三日目、症候群。 ページ15
「だいぶ体の傷は治ったな。」
「それでも痣は酷い方だ。まだまだ残るだろう。骨まで行ってないのが不幸中の幸いだな。」
だが痣や切り傷程度で済んで良かったと、グルッぺンは静かに微笑む。
確かに、グルッぺンのように買われる人間もこの世にはごまんといる。中にはグルッぺン以上にひどい仕打ちを受ける奴だっているだろう。
何かの行為を要求されても、彼らのような立場には拒否権は無い。それが世の規則であった。
盗み、雑用、或いは体を繋げることまで。彼ら家畜は、言うことを聞かないと生きていけない。
奥歯を噛み締める。
「…お前も、経験したことが?」
包帯を巻く手を止める。青と猩の双眸がこちらを見ている。
いや、と返事をしAは包帯へと目を落とす。
「家畜になったことは無い。」
Aが軽く傷口を押すと分かりやすくグルッぺンは痛がるので、
「少なくとも、お前よりは酷かったろうな。
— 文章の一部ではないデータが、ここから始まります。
(* Let $R$ be a finite local Frobenius ring with maximal ideal $M$, not a field and of odd characteristic, with a fixed primitive additive character $\psi$, and let $\tau$ be a non-primitive multiplicative character of $R$. Then for every $a\in R^\times$, $$\frac{1}{|M^\perp|}\sum_{b\in 1+M^\perp}|K_\tau(ab)|^2=|R|\,(1+\sigma(a)).$$
   Context: All rings are finite and commutative with identity; $R^\times$ is the unit group. $M^\perp=\{r\in R: rm=0\ \forall m\in M\}$. An additive character $(R,+)\to\mathbb{C}^*$ is primitive if the only ideal on which it is identically $1$ is $(0)$; $R$ is Frobenius if such a character exists. A multiplicative character is a homomorphism $R^\times\to\mathbb{C}^*$; its conductor is $R$ if it is trivial, and otherwise the largest ideal $I\subseteq M$ such that it is identically $1$ on $1+I$; it is primitive if its conductor is $(0)$. $K_\tau(a)=\sum_{u\in R^\times}\tau(u)\psi(u+au^{-1})$. Odd characteristic means $R/M$ has odd characteristic; the quadratic character $\sigma:R^\times\to\{\pm1\}$ is $\sigma(u)=$ the quadratic (Legendre) character of the residue class of $u$ in the finite field $R/M$. *)

From HB Require Import structures.
From mathcomp Require Import all_boot all_order all_algebra all_field.
Set Implicit Arguments. Unset Strict Implicit. Unset Printing Implicit Defensive.
Import Order.TTheory GRing.Theory Num.Theory.
Local Open Scope ring_scope.

Section Defs.
Variable R : finComUnitRingType.

Definition is_ideal (I : {set R}) : Prop :=
  [/\ 0 \in I, (forall x y, x \in I -> y \in I -> x + y \in I)
    & (forall r x, x \in I -> r * x \in I)].

Definition is_maximal_ideal (M : {set R}) : Prop :=
  [/\ is_ideal M, (1 : R) \notin M &
      forall J : {set R}, is_ideal J -> M \subset J -> J = M \/ J = [set: R]].

Definition local_with_max (M : {set R}) : Prop :=
  is_maximal_ideal M /\ forall J, is_maximal_ideal J -> J = M.

Definition is_field_ring : Prop := forall x : R, x != 0 -> x \is a GRing.unit.

Definition annih (M : {set R}) : {set R} :=
  [set r | [forall m in M, r * m == 0]].

(* R/M has odd characteristic: its characteristic is an odd prime p,
   i.e. p*1 = 0 in R/M, i.e. p%:R \in M *)
Definition odd_residue_char (M : {set R}) : Prop :=
  exists p : nat, [/\ prime p, odd p & (p%:R : R) \in M].

Definition additive_character (psi : R -> algC) : Prop :=
  (forall x, psi x != 0) /\ (forall x y, psi (x + y) = psi x * psi y).

Definition primitive_additive (psi : R -> algC) : Prop :=
  forall I, is_ideal I -> (forall x, x \in I -> psi x = 1) -> I = [set 0].

(* multiplicative character R^x -> C^*, given as a function on R whose
   values outside R^x are irrelevant *)
Definition mult_character (tau : R -> algC) : Prop :=
  (forall u, u \is a GRing.unit -> tau u != 0) /\
  (forall u v, u \is a GRing.unit -> v \is a GRing.unit ->
     tau (u * v) = tau u * tau v).

(* conductor is (0): tau nontrivial and every ideal I contained in M on which
   tau is 1 on 1+I is (0) (i.e. the largest such ideal is (0)) *)
Definition primitive_mult (M : {set R}) (tau : R -> algC) : Prop :=
  (exists u, u \is a GRing.unit /\ tau u != 1) /\
  forall I, is_ideal I -> I \subset M ->
    (forall x, x \in I -> tau (1 + x) = 1) -> I = [set 0].

Definition kloost (psi tau : R -> algC) (a : R) : algC :=
  \sum_(u : R | u \is a GRing.unit) tau u * psi (u + a * u^-1).

Definition sigma (M : {set R}) (u : R) : algC :=
  if [exists x : R, u - x ^+ 2 \in M] then 1 else -1.

End Defs.

From HB Require Import structures.
From mathcomp Require Import all_boot all_order all_algebra all_field.
From mathcomp Require Import ring.
Import Order.TTheory GRing.Theory Num.Theory.
Local Open Scope ring_scope.
Set Implicit Arguments. Unset Strict Implicit. Unset Printing Implicit Defensive.

(* Since R is local, M is the set of nonunits, and since psi is primitive an ideal
   and its annihilator have complementary sizes; hence N := annih M is the least
   nonzero ideal, and as tau is not primitive its conductor contains N, i.e.
   tau = 1 on 1 + N.  Substituting u (1 + n), n in N, in K_tau(a (1 + m))
   multiplies each term by psi ((u - a/u) n), and averaging over n keeps only the
   units with u^2 = a mod M.  So K vanishes when a is not a square mod M, and when
   a = c^2 mod M it equals psi (a m / c) G(c) + psi (- a m / c) G(-c), where G(d)
   is the part of the sum over u = d mod M.  Averaging |K|^2 over m in N kills the
   cross terms because 2a/c is a unit (odd characteristic), and |G(d)|^2 = |R|:
   expanding G(d) conj(G(d)) along u = v (1 + t), the sum over v vanishes unless
   t is in N, since otherwise its phase moves linearly, with nonzero slope, along
   the cosets of {x | t x in N}. *)

Lemma conj_unity_root (z : algC) n : (0 < n)%N -> z ^+ n = 1 -> z^* = z^-1.
Proof.
move=> n_gt0 zn1; have : `|z| ^+ n == 1 by rewrite -normrX zn1 normr1.
rewrite pexpr_eq1 // => /eqP z1.
by rewrite invC_norm z1 expr1n invr1 mul1r.
Qed.

Lemma subr_invr (R : comUnitRingType) (x y : R) :
  x \is a GRing.unit -> y \is a GRing.unit -> x^-1 - y^-1 = x^-1 * y^-1 * (y - x).
Proof.
move=> xU yU; rewrite mulrBr -mulrA mulVr // mulr1 [x^-1 * y^-1]mulrC -mulrA.
by rewrite mulVr // mulr1.
Qed.

Lemma sum_shift (R : finZmodType) (V : nmodType) (F : R -> V) (P : pred R) (s : R) :
  (forall y, P (y + s) = P y) -> \sum_(y | P y) F y = \sum_(y | P y) F (y + s).
Proof. by move=> Ps; rewrite (reindex_inj (addIr s)); apply: eq_bigl. Qed.

Lemma sum_coset (R : finZmodType) (V : nmodType) (I : {set R}) (F : R -> V) d :
  \sum_(v | v - d \in I) F v = \sum_(t in I) F (t + d).
Proof. by rewrite (reindex_inj (addIr d)); apply: eq_bigl => t; rewrite addrK. Qed.

Section Ideals.
Variable R : finComUnitRingType.
Implicit Types (I J : {set R}) (r x y : R).

Lemma ideal0 I : is_ideal I -> 0 \in I. Proof. by case. Qed.

Lemma idealD I x y : is_ideal I -> x \in I -> y \in I -> x + y \in I.
Proof. by case=> _ + _; apply. Qed.

Lemma idealMl I r x : is_ideal I -> x \in I -> r * x \in I.
Proof. by case=> _ _; apply. Qed.

Lemma idealMr I r x : is_ideal I -> x \in I -> x * r \in I.
Proof. by rewrite mulrC; apply: idealMl. Qed.

Lemma idealN I x : is_ideal I -> x \in I -> - x \in I.
Proof. by rewrite -mulN1r; apply: idealMl. Qed.

Lemma idealB I x y : is_ideal I -> x \in I -> y \in I -> x - y \in I.
Proof. by move=> hI xI yI; rewrite idealD ?idealN. Qed.

Lemma idealDr I x s :
  is_ideal I -> s \in I -> (x + s \in I) = (x \in I).
Proof.
by move=> hI sI; apply/idP/idP => xsI; [rewrite -(addrK s x) idealB | rewrite idealD].
Qed.

Lemma idealBC I x y : is_ideal I -> x - y \in I -> y - x \in I.
Proof. by move=> hI /(idealN hI); rewrite opprB. Qed.

Lemma card_ideal_gt0 I : is_ideal I -> (0 < #|I|)%N.
Proof. by move=> hI; apply/card_gt0P; exists 0; exact: ideal0. Qed.

Lemma idealT : is_ideal [set: R].
Proof. by split=> *; rewrite in_setT. Qed.

Lemma ideal_unitT I u : is_ideal I -> u \in I -> u \is a GRing.unit -> I = [set: R].
Proof.
move=> hI uI uU; apply/setP=> x; rewrite in_setT -[x]mulr1 -(mulVr uU) mulrA.
exact: idealMl.
Qed.

Definition idealb I := [&& 0 \in I,
  [forall x, forall y, (x \in I) ==> (y \in I) ==> (x + y \in I)] &
  [forall r, forall x, (x \in I) ==> (r * x \in I)]].

Lemma idealP I : reflect (is_ideal I) (idealb I).
Proof.
apply: (iffP and3P) => [[I0 /forallP ID /forallP IM] | [I0 ID IM]]; split=> //.
- by move=> x y xI yI; move/forallP/(_ y): (ID x); rewrite xI yI.
- by move=> r x xI; move/forallP/(_ x): (IM r); rewrite xI.
- by apply/forallP=> x; apply/forallP=> y; do 2!apply/implyP=> ?; apply: ID.
- by apply/forallP=> r; apply/forallP=> x; apply/implyP; apply: IM.
Qed.

Lemma mulset_ideal I t : is_ideal I -> is_ideal [set t * y | y in I].
Proof.
move=> hI; split.
- by apply/imsetP; exists 0; rewrite ?mulr0 ?ideal0.
- move=> _ _ /imsetP[x xI ->] /imsetP[y yI ->].
  by apply/imsetP; exists (x + y); rewrite ?mulrDr ?idealD.
- move=> r _ /imsetP[x xI ->].
  by apply/imsetP; exists (r * x); [exact: idealMl | rewrite mulrCA].
Qed.

Lemma mulr_preim_ideal I t :
  is_ideal I -> is_ideal [set x | t * x \in I].
Proof.
move=> hI; split=> [|x y|r x]; rewrite !inE ?mulr0 ?ideal0 //.
  by rewrite mulrDr; apply: idealD.
by rewrite mulrCA; apply: idealMl.
Qed.

Lemma annihP I r m : r \in annih I -> m \in I -> r * m = 0.
Proof. by rewrite inE => /forall_inP rI mI; apply/eqP/rI. Qed.

Lemma annih_ideal I : is_ideal (annih I).
Proof.
split=> [|x y xA yA|r x xA]; rewrite inE; apply/forall_inP=> m mI.
- by rewrite mul0r.
- by rewrite mulrDl (annihP xA) ?(annihP yA) ?addr0.
- by rewrite -mulrA (annihP xA) ?mulr0.
Qed.

Lemma annih_mul_eq I r x y :
  r \in annih I -> x - y \in I -> r * x = r * y.
Proof. by move=> rA xyI; apply/eqP; rewrite -subr_eq0 -mulrBr (annihP rA xyI). Qed.

Lemma annihS I J : I \subset J -> annih J \subset annih I.
Proof.
move=> sIJ; apply/subsetP=> r rJ; rewrite inE; apply/forall_inP=> m mI.
by rewrite (annihP rJ) ?(subsetP sIJ).
Qed.

Lemma sub_annih_annih I : I \subset annih (annih I).
Proof.
apply/subsetP=> y yI; rewrite inE; apply/forall_inP=> m mA.
by rewrite mulrC (annihP mA yI).
Qed.

Lemma annih0 : annih [set 0] = [set: R].
Proof.
by apply/setP=> r; rewrite in_setT inE; apply/forall_inP=> m; rewrite in_set1 => /eqP->; rewrite mulr0.
Qed.

Lemma annihT : annih [set: R] = [set 0].
Proof.
apply/setP=> r; rewrite in_set1; apply/idP/eqP=> [rT | ->].
  by rewrite -[r]mulr1 (annihP rT) ?in_setT.
by rewrite inE; apply/forall_inP=> m _; rewrite mul0r.
Qed.

End Ideals.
」
包帯を結び、治療は終わり。
「昨日のケーキがまだ余ってたはずだが…食べるか?」
「いいのか!?」
相変わらずがめつい。いいぞとAが返事をすると、グルッぺンはたったっと駆けて行った。
「今日は少しばかり出かけてくるよ。」
食堂でもっきゅもっきゅと美味しそうにケーキを食べているグルッぺンにAはそう言う。どこへと首を傾げるので、他国とAが答える。
「…それは、W国?」
「いや、別だ。仕事上の関係でいかねばならんでな。昼までには帰って来れると思う。腹が減ったら自由にパンを焼いてくれ。」
Aはローブの紐を結び直す。ふと、グルッぺンの顔を見ると、なんだか眉を下げていて。
「…直ぐに、帰ってくるように。」
「………。」
嫌に真剣な目をしているので、Aは嘆息したあとガシガシと頭を搔いた。
「それはただのストックホルム症候群だ。変な感情移入はやめておけ。お前まで首を絞めることになるぞ。」
「………。」
行ってくると、Aは食堂の扉を閉め出ていった。
ひとり、グルッぺンは食堂の中で振り時計を眺め、
「…そんなものでは、ないのだがな。」
静かに、言葉を漏らした。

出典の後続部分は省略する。